Of the records that follow, copy only the lines from the line containing "assert (HY2 : Y" to the line containing "assert (/ p", both included, exactly as written.
___ Information provided
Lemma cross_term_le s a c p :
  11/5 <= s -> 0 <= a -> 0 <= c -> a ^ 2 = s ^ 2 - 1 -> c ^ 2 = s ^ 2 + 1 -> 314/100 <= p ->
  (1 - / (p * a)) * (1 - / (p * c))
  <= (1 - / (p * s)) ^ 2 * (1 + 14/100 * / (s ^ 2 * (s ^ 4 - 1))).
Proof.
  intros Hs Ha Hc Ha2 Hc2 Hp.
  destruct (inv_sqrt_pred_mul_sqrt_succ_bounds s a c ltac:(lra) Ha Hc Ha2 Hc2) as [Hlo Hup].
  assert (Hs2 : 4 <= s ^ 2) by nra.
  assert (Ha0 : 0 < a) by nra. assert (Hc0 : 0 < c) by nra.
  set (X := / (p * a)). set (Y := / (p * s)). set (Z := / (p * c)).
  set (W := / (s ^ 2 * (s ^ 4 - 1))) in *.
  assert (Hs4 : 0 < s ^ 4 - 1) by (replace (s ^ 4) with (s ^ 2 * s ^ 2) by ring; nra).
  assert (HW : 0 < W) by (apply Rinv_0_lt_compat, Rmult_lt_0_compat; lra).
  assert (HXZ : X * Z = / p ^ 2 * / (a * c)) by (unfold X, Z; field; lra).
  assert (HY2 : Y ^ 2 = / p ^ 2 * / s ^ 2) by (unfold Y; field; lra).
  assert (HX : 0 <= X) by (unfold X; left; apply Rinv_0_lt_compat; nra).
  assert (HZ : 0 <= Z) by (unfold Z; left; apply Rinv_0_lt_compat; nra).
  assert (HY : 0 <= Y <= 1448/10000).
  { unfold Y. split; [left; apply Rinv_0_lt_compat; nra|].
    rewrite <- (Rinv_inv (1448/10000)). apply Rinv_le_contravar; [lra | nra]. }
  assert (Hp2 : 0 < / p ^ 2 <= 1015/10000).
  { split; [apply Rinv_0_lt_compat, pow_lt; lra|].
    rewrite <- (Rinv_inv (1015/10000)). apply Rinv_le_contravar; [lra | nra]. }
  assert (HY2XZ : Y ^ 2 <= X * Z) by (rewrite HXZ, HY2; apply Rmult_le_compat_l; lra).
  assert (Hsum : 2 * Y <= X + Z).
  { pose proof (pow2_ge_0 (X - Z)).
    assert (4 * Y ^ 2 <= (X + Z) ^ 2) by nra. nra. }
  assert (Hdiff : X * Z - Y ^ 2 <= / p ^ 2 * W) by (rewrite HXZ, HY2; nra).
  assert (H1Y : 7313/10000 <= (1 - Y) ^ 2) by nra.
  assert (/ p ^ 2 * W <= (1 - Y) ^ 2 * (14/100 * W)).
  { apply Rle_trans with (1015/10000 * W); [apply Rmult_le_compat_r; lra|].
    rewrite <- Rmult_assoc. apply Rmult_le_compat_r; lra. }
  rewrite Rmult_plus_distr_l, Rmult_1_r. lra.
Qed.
______
___ Information provided
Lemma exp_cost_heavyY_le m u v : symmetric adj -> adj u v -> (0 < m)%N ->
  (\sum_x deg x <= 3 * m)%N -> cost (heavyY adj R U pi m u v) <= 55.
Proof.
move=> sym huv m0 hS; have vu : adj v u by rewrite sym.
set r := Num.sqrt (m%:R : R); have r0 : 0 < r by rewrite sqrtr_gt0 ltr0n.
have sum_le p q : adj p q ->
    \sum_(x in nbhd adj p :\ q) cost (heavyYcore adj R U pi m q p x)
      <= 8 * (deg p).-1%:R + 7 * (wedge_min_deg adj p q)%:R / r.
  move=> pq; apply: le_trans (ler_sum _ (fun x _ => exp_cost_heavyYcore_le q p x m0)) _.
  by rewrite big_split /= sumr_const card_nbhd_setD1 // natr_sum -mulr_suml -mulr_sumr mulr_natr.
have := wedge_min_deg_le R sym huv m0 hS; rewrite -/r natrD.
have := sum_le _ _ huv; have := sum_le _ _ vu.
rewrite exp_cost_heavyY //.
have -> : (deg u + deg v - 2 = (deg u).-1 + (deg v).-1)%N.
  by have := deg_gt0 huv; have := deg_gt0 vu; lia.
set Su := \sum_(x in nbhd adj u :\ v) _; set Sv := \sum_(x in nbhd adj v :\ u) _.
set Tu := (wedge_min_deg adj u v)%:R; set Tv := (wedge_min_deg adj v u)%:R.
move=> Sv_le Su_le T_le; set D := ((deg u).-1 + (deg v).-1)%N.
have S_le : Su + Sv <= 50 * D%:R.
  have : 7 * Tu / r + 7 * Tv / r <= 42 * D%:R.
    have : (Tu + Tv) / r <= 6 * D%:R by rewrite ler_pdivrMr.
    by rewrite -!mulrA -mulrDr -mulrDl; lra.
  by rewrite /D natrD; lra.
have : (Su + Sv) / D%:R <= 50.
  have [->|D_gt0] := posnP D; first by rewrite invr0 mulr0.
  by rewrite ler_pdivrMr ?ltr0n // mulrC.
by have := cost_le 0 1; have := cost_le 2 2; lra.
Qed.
______
- Exercise solution:
  assert (HY2 : Y ^ 2 = / p ^ 2 * / s ^ 2) by (unfold Y; field; lra).
  assert (HX : 0 <= X) by (unfold X; left; apply Rinv_0_lt_compat; nra).
  assert (HZ : 0 <= Z) by (unfold Z; left; apply Rinv_0_lt_compat; nra).
  assert (HY : 0 <= Y <= 1448/10000).
  { unfold Y. split; [left; apply Rinv_0_lt_compat; nra|].
    rewrite <- (Rinv_inv (1448/10000)). apply Rinv_le_contravar; [lra | nra]. }
  assert (Hp2 : 0 < / p ^ 2 <= 1015/10000).
  { split; [apply Rinv_0_lt_compat, pow_lt; lra|].
    rewrite <- (Rinv_inv (1015/10000)). apply Rinv_le_contravar; [lra | nra]. }
  assert (HY2XZ : Y ^ 2 <= X * Z) by (rewrite HXZ, HY2; apply Rmult_le_compat_l; lra).
  assert (Hsum : 2 * Y <= X + Z).
  { pose proof (pow2_ge_0 (X - Z)).
    assert (4 * Y ^ 2 <= (X + Z) ^ 2) by nra. nra. }
  assert (Hdiff : X * Z - Y ^ 2 <= / p ^ 2 * W) by (rewrite HXZ, HY2; nra).
  assert (H1Y : 7313/10000 <= (1 - Y) ^ 2) by nra.
  assert (/ p ^ 2 * W <= (1 - Y) ^ 2 * (14/100 * W)).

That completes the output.